General information
- Type: Paraglider
- National origin: Germany
- Manufacturer: Independence Paragliding
- Designer: Michaël Nesler
- Status: Production completed

History
- Manufactured: early 2000s

= Independence Raptor =

German paraglider

The Independence Raptor is a German single-place, paraglider that was designed by Michaël Nesler and produced by Independence Paragliding of Eisenberg, Thuringia. It is now out of production.

The aircraft is not related to the Skif Raptor.

==Design and development==
The Raptor was designed as a competition glider, with an unusually low price as a method of assisting completion pilots. The models are each named for their relative size.

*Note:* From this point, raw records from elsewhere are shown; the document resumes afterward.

(* Let $H$ be a complex Hilbert space with inner product $\langle\cdot,\cdot\rangle$. Let $(e_k)_{k\ge0}$ and $(f_k)_{k\ge0}$ be sequences in $H$ with $\langle e_j,f_k\rangle=0$ for $j\ne k$ and $\langle e_k,f_k\rangle\ne0$ for all $k$. Let $P_k(h):=\frac{\langle h,f_k\rangle}{\langle e_k,f_k\rangle}e_k$, so $\|P_k\|=\|e_k\|\|f_k\|/|\langle e_k,f_k\rangle|$. Let $A=(a_{nk})_{n,k\ge0}$ be complex scalars with $\sum_{k\ge0}|a_{nk}|\|P_k\|<\infty$ for each $n$, and define \[ S_n^A(h):=\sum_{k\ge0}a_{nk}\frac{\langle h,f_k\rangle}{\langle e_k,f_k\rangle}e_k,\qquad (S_n^A)^*(h)=\sum_{k\ge0}\overline{a_{nk}}\frac{\langle h,e_k\rangle}{\langle f_k,e_k\rangle}f_k. \] Then the following are equivalent: (i) $S_n^A(h)\to h$ weakly for all $h\in H$; (ii) $S_n^A(h)\to h$ in norm for all $h\in H$; (iii) $(S_n^A)^*(h)\to h$ weakly for all $h\in H$; (iv) $(S_n^A)^*(h)\to h$ in norm for all $h\in H$.
   Context: $(S_n^A)^*$ is the Hilbert-space adjoint of $S_n^A$. *)

From HB Require Import structures.
From mathcomp Require Import all_boot all_order all_algebra.
From mathcomp Require Import complex.
From mathcomp Require Import reals.
Set Implicit Arguments. Unset Strict Implicit. Unset Printing Implicit Defensive.
Import Order.TTheory GRing.Theory Num.Theory.
Local Open Scope ring_scope.

Section Hilbert.
Variable R : realType.
Local Notation C := (R[i]).
Variable H : lmodType C.
Variable ip : H -> H -> C. (* <x, y>, linear in x, conjugate-linear in y *)

Definition hnorm (x : H) : R := Num.sqrt (complex.Re (ip x x)).

Definition cabs (z : C) : R := ComplexField.Normc.normc z.

Definition hilbert_space : Prop :=
  [/\ (forall (a : C) (x y z : H), ip (a *: x + y) z = a * ip x z + ip y z),
      (forall x y : H, ip y x = conjc (ip x y)),
      (forall x : H, complex.Im (ip x x) = 0 /\ 0 <= complex.Re (ip x x)),
      (forall x : H, ip x x = 0 -> x = 0) &
      (forall u : nat -> H,
        (forall eps : R, 0 < eps -> exists N : nat, forall m n : nat,
           (N <= m)%N -> (N <= n)%N -> hnorm (u m - u n) < eps) ->
        exists l : H, forall eps : R, 0 < eps -> exists N : nat,
           forall n : nat, (N <= n)%N -> hnorm (u n - l) < eps)].

Definition norm_cvg (u : nat -> H) (l : H) : Prop :=
  forall eps : R, 0 < eps -> exists N : nat,
    forall n : nat, (N <= n)%N -> hnorm (u n - l) < eps.

Definition weak_cvg (u : nat -> H) (l : H) : Prop :=
  forall g : H, forall eps : R, 0 < eps -> exists N : nat,
    forall n : nat, (N <= n)%N -> cabs (ip (u n) g - ip l g) < eps.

Company test pilot Christian Amon was also involved in the development as well as flight testing of the Raptor.

==Variants==
- Raptor S
Small-sized model for lighter pilots. Its 12.7 m span wing has a wing area of 25.0 m2, 75 cells and the aspect ratio is 6.34:1. The pilot weight range is 70 to 95 kg.
- Raptor M
Mid-sized model for medium-weight pilots. Its 13.49 m span wing has a wing area of 28.3 m2, 75 cells and the aspect ratio is 6.34:1. The pilot weight range is 80 to 105 kg.
- Raptor L
Large-sized model for heavier pilots. Its 13.8 m span wing has a wing area of 30.0 m2, 75 cells and the aspect ratio is 6.34:1. The pilot weight range is 100 to 125 kg.